Two ways to use one flow cell
I am going to assume the availability of a single flow cell for this protocol.4 Flow cells are expensive, and you can generate useful data with a single one. You have two realistic ways to spend that 30 Gb budget.
Option A: sequence your whole genome, shallow. About 10x coverage averaged across the whole genome. This is enough to call common variants - single-base changes from the human reference genome, present in at least 5% of people. It is not enough for confident calls on specific rare variants: to pick up, say, a pathogenic missense variant in CYP2D6 or BRCA1 that only ~1 in 1,000 people carry, you need to distinguish a real one-in-ten-reads signal from sequencing noise, and at 10x you can't.

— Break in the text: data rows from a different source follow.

(* Let $N\ge3$, let $A=(\mathbb{Z}/N\mathbb{Z})^2$ and let $I=\mathbb{Q}[A]^0$ be the augmentation ideal (degree-$0$ elements) of the group algebra $\mathbb{Q}[A]$. Let $H=A\rtimes\{\pm1\}$ act on $I\otimes I$ by $a\cdot(d_0\otimes d_1)=([a]d_0)\otimes([-a]d_1)$ for $a\in A$ and $(-1)\cdot(d_0\otimes d_1)=-(d_1\otimes d_0)$, and let $\varepsilon:H\to\{\pm1\}$ be the canonical projection. Then the multiplication map $\mu:I\otimes I\to I$, $d_0\otimes d_1\mapsto d_0d_1$, induces an isomorphism $(I\otimes I)^\varepsilon\xrightarrow{\cong}I$, where $(I\otimes I)^\varepsilon=\{x : h\cdot x=\varepsilon(h)x\ \forall h\in H\}$.
   Context: For $a\in A$, $[a]$ denotes the corresponding basis element of $\mathbb{Q}[A]$, and products are taken in the group algebra. *)

From HB Require Import structures.
From mathcomp Require Import all_boot all_order all_algebra.
Set Implicit Arguments. Unset Strict Implicit. Unset Printing Implicit Defensive.
Import Order.TTheory GRing.Theory Num.Theory.
Local Open Scope ring_scope.

(* Group algebra Q[A] of a finite abelian group A, realized as functions A -> rat. *)
Notation QA A := {ffun A -> rat}.
Notation QAA A := {ffun (A * A)%type -> rat}.

Section GroupAlgebra.
Variable A : finZmodType.
Local Notation QA := (QA A).
Local Notation QAA := (QAA A).


Definition gbasis (a : A) : QA := [ffun x => (x == a)%:R].

Definition gmul (d0 d1 : QA) : QA :=
  [ffun c => \sum_(p : A * A | p.1 + p.2 == c) d0 p.1 * d1 p.2].

Definition augI (d : QA) : Prop := \sum_(x : A) d x = 0.

(* Q[A] (x) Q[A] realized as Q[A x A]; pure tensor d0 (x) d1 *)
Definition tens (d0 d1 : QA) : QAA := [ffun p => d0 p.1 * d1 p.2].

Definition inII (f : QAA) : Prop :=
  exists s : seq (QA * QA),
    (forall p, p \in s -> augI p.1 /\ augI p.2) /\
    f = \sum_(p <- s) tens p.1 p.2.

(* multiplication map mu : the linear extension of d0 (x) d1 |-> d0 d1,
   written on the basis [a] (x) [b] of Q[A] (x) Q[A] *)
Definition mu (f : QAA) : QA :=
  [ffun c => \sum_(p : A * A) f p * gmul (gbasis p.1) (gbasis p.2) c].

(* H = A x| {+-1}; an element (a, s) with s = true meaning -1, acting as a o s.
   a . (d0 (x) d1) = ([a] d0) (x) ([-a] d1) ; (-1) . (d0 (x) d1) = -(d1 (x) d0) *)
Definition Hact (h : A * bool) (f : QAA) : QAA :=
  let g : QAA := if h.2 then [ffun p => - f (p.2, p.1)] else f in
  [ffun p => g (p.1 - h.1, p.2 + h.1)].

Definition eps (h : A * bool) : rat := if h.2 then -1 else 1.

Definition inIIeps (f : QAA) : Prop :=
  inII f /\ forall h : A * bool, Hact h f = [ffun p => eps h * f p].

End GroupAlgebra.

(* A = (Z/NZ)^2 as a finite abelian group ('Z_N is Z/NZ for N >= 2) *)
Definition ZN2 (N : nat) := ('Z_N * 'Z_N)%type.
HB.instance Definition _ N := GRing.Zmodule.on (ZN2 N).
HB.instance Definition _ N := Finite.on (ZN2 N).

From HB Require Import structures.
From mathcomp Require Import all_boot all_order all_algebra.
Set Implicit Arguments. Unset Strict Implicit. Unset Printing Implicit Defensive.
Import GRing.Theory Num.Theory.
Local Open Scope ring_scope.

(* Invariance under the translations a in A says that the coefficient of
   [x] (x) [y] in an invariant tensor depends only on x + y, i.e. the tensor is
   Psi = \sum_(x, y) psi (x + y) [x] (x) [y] for some psi : A -> Q; such a Psi is
   automatically symmetric, hence eps-invariant under -1.  It lies in I (x) I
   exactly when \sum psi = 0, because then
   Psi = \sum_(c, a) psi c ([a] - [0]) (x) ([c - a] - [-a]).
   Finally mu Psi = #|A| psi, so mu is #|A| times a bijection onto I. *)

Section GroupAlgebra.
Variable A : finZmodType.

Definition diag_tensor (psi : A -> rat) : QAA A := [ffun p => psi (p.1 + p.2)].

Lemma gbasisE (a x : A) : gbasis a x = (x == a)%:R.
Proof. by rewrite ffunE. Qed.

Lemma sum_indicator (a : A) : \sum_x (x == a)%:R = 1 :> rat.
Proof. by rewrite (bigD1 a) //= eqxx big1 ?addr0 // => x /negbTE ->. Qed.

Lemma sum_indicator_mull (x : A) (G : A -> rat) : \sum_a (x == a)%:R * G a = G x.
Proof.
rewrite (bigD1 x) //= eqxx mul1r big1 ?addr0 // => a.
by rewrite eq_sym => /negbTE ->; rewrite mul0r.
Qed.

Lemma augI_gbasisB (a b : A) : augI (gbasis a - gbasis b).
Proof.
by rewrite /augI; under eq_bigr do rewrite !ffunE; rewrite sumrB !sum_indicator subrr.
Qed.

Lemma augI_scale (k : rat) (d : QA A) : augI d -> augI [ffun x => k * d x].
Proof.
by rewrite /augI => d0; under eq_bigr do rewrite ffunE; rewrite -mulr_sumr d0 mulr0.
Qed.

Lemma gmul_gbasis (a b : A) : gmul (gbasis a) (gbasis b) = gbasis (a + b).
Proof.
apply/ffunP => c; rewrite !ffunE big_mkcond (bigD1 (a, b)) //= !gbasisE !eqxx mulr1.
rewrite big1 ?addr0 => [|[x y]]; first by rewrite eq_sym; case: (c == a + b).
rewrite xpair_eqE negb_and !gbasisE => /orP [] /negbTE ->.
  by rewrite mul0r; case: ifP.
by rewrite mulr0; case: ifP.
Qed.

Lemma muE (f : QAA A) (c : A) : mu f c = \sum_(p : A * A | p.1 + p.2 == c) f p.
Proof.
rewrite ffunE [RHS]big_mkcond; apply: eq_bigr => p _.
by rewrite gmul_gbasis gbasisE eq_sym; case: ifP; rewrite ?mulr1 ?mulr0.
Qed.

Lemma mu_diag_tensor (psi : A -> rat) (c : A) : mu (diag_tensor psi) c = psi c *+ #|A|.
Proof.
rewrite muE (eq_bigr (fun _ => psi c)) => [|p /eqP <-]; last by rewrite ffunE.
rewrite -(pair_big_dep xpredT (fun x y => x + y == c) (fun _ _ => psi c)) /=.
rewrite -sumr_const; apply: eq_bigr => x _.
rewrite (big_pred1 (c - x)) // => y /=.
by rewrite -(inj_eq (addrI (- x))) addKr addrC.
Qed.

Lemma inII_sum_col (f : QAA A) (y : A) : inII f -> \sum_x f (x, y) = 0.
Proof.
case=> s [augs ->]; under eq_bigr do rewrite sum_ffunE.
rewrite exchange_big /= big_seq big1 // => p /augs [aug1 _].
by under eq_bigr do rewrite ffunE /=; rewrite -mulr_suml aug1 mul0r.
Qed.

Lemma inII_sum (I : finType) (F : I -> QA A * QA A) :
  (forall i, augI (F i).1 /\ augI (F i).2) -> inII (\sum_i tens (F i).1 (F i).2).
Proof.
move=> augF; exists (map F (index_enum I)); split; last by rewrite big_map.
by move=> p /mapP [i _ ->].
Qed.

Lemma sum_indicator_sub (c y : A) : \sum_a (y == c - a)%:R = 1 :> rat.
Proof.
rewrite -[RHS](sum_indicator (c - y)); apply: eq_bigr => a _.
by rewrite eq_sym subr_eq [a == _]eq_sym subr_eq addrC.
Qed.

Lemma sum_shifted_differences (c x y : A) :
  \sum_a (gbasis a - gbasis 0) x * (gbasis (c - a) - gbasis (- a)) y
  = (x + y == c)%:R - (x + y == 0)%:R.
Proof.
under eq_bigr do rewrite !ffunE mulrBl.
rewrite sumrB sum_indicator_mull -mulr_sumr sumrB sum_indicator_sub.
under [X in _ * (_ - X)]eq_bigr do rewrite -sub0r.
rewrite sum_indicator_sub subrr mulr0 subr0.
have eq_sub c' : (y == c' - x) = (x + y == c') by rewrite eq_sym subr_eq addrC eq_sym.
by rewrite eq_sub -[- x]sub0r eq_sub.
Qed.

Lemma inII_diag_tensor (psi : A -> rat) : \sum_c psi c = 0 -> inII (diag_tensor psi).
Proof.
move=> psi0.
pose F (q : A * A) := ([ffun x => psi q.1 * (gbasis q.2 - gbasis 0) x],
                       gbasis (q.1 - q.2) - gbasis (- q.2)).
suff -> : diag_tensor psi = \sum_q tens (F q).1 (F q).2.
  by apply: inII_sum => q; split; [apply/augI_scale |]; apply: augI_gbasisB.
apply/ffunP => -[x y]; rewrite sum_ffunE ffunE /=.
rewrite -(pair_bigA _ (fun c a => (tens (F (c, a)).1 (F (c, a)).2) (x, y))) /=.
under eq_bigr => c _.
  under eq_bigr do rewrite ffunE /= [[ffun _ => _] x]ffunE -mulrA.
  rewrite -mulr_sumr sum_shifted_differences mulrC mulrBl.
  over.
by rewrite sumrB sum_indicator_mull -mulr_sumr psi0 mulr0 subr0.
Qed.

Lemma Hact_diag_tensor (psi : A -> rat) (h : A * bool) :
  Hact h (diag_tensor psi) = [ffun p => eps h * diag_tensor psi p].
Proof.
case: h => a []; apply/ffunP => p; rewrite !ffunE /eps /=.
  by rewrite mulN1r addrC [p.2 + a]addrC addrA subrK.
by rewrite mul1r [p.2 + a]addrC addrA subrK.
Qed.

Lemma inIIepsP (f : QAA A) :
  inIIeps f <-> exists2 psi, \sum_c psi c = 0 & f = diag_tensor psi.
Proof.
split=> [[fII finv] | [psi psi0 ->]]; last first.
  by split; [apply: inII_diag_tensor | apply: Hact_diag_tensor].
exists (fun c => f (c, 0)); first exact: inII_sum_col.
apply/ffunP => -[x y]; rewrite ffunE /=.
have := congr1 (fun g : QAA A => g (x + y, 0)) (finv (y, false)).
by rewrite !ffunE /eps /= mul1r addrK add0r.
Qed.

Lemma natr_card_neq0 : (#|A|%:R : rat) != 0.
Proof. by rewrite pnatr_eq0 -lt0n; apply/card_gt0P; exists 0. Qed.

Lemma augI_mu (f : QAA A) : inIIeps f -> augI (mu f).
Proof.
case/inIIepsP => psi psi0 ->; rewrite /augI.
by under eq_bigr do rewrite mu_diag_tensor; rewrite sumrMnl psi0 mul0rn.
Qed.

Lemma mu_inIIeps_inj (f g : QAA A) : inIIeps f -> inIIeps g -> mu f = mu g -> f = g.
Proof.
case/inIIepsP => psi _ ->; case/inIIepsP => phi _ -> /ffunP mu_eq.
apply/ffunP => p; rewrite !ffunE; apply: (mulIf natr_card_neq0).
by have := mu_eq (p.1 + p.2); rewrite !mu_diag_tensor !mulr_natr.
Qed.

Lemma mu_inIIeps_surj (d : QA A) : augI d -> exists f, inIIeps f /\ mu f = d.
Proof.
move=> d0; pose psi c := d c / #|A|%:R.
have psi0 : \sum_c psi c = 0 by rewrite -mulr_suml d0 mul0r.
exists (diag_tensor psi); split; first by apply/inIIepsP; exists psi.
apply/ffunP => c; rewrite mu_diag_tensor -mulr_natr divfK //; exact: natr_card_neq0.
Qed.

End GroupAlgebra.

Theorem lemma5p10 (N : nat) (hN : (3 <= N)%N) :
    (forall f : QAA (ZN2 N), inIIeps f -> augI (mu f)) /\
  (forall f g : QAA (ZN2 N), inIIeps f -> inIIeps g -> mu f = mu g -> f = g) /\
  (forall d : QA (ZN2 N), augI d -> exists f : QAA (ZN2 N), inIIeps f /\ mu f = d).
Proof.
split; [exact: augI_mu | split; [exact: mu_inIIeps_inj | exact: mu_inIIeps_surj]].
Qed.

For that you need closer to 30x coverage, which requires aggregating data from multiple flow cells.5
Option B: sequence a small part of your genome, deep. Here nanopore has a capability no other sequencer has: it can decide, as it's running, which pieces of DNA to keep reading and which to throw away. It's called adaptive sampling, and mechanically it works as follows:
- Every fragment of DNA that starts going through a pore gets sequenced for about the first 500 bases.
- The sequencer checks those 500 bases against a reference genome and asks: is this fragment from a region I care about?
- If yes, it keeps sequencing. If no, it reverses the voltage on that pore, which physically ejects the strand, and a fresh fragment threads in.
You hand MinKNOW (ONT's control software running on your chosen device e.g. a Mac with an M3 chip) a list of regions you're interested in - a plain text file with one line per region, containing the chromosome, start position, and end position. The sequencer concentrates its 30 Gb of capacity on just those regions. If your regions add up to 1% of the genome, you get 30-50x coverage across them all instead of 10x spread thinly over everything.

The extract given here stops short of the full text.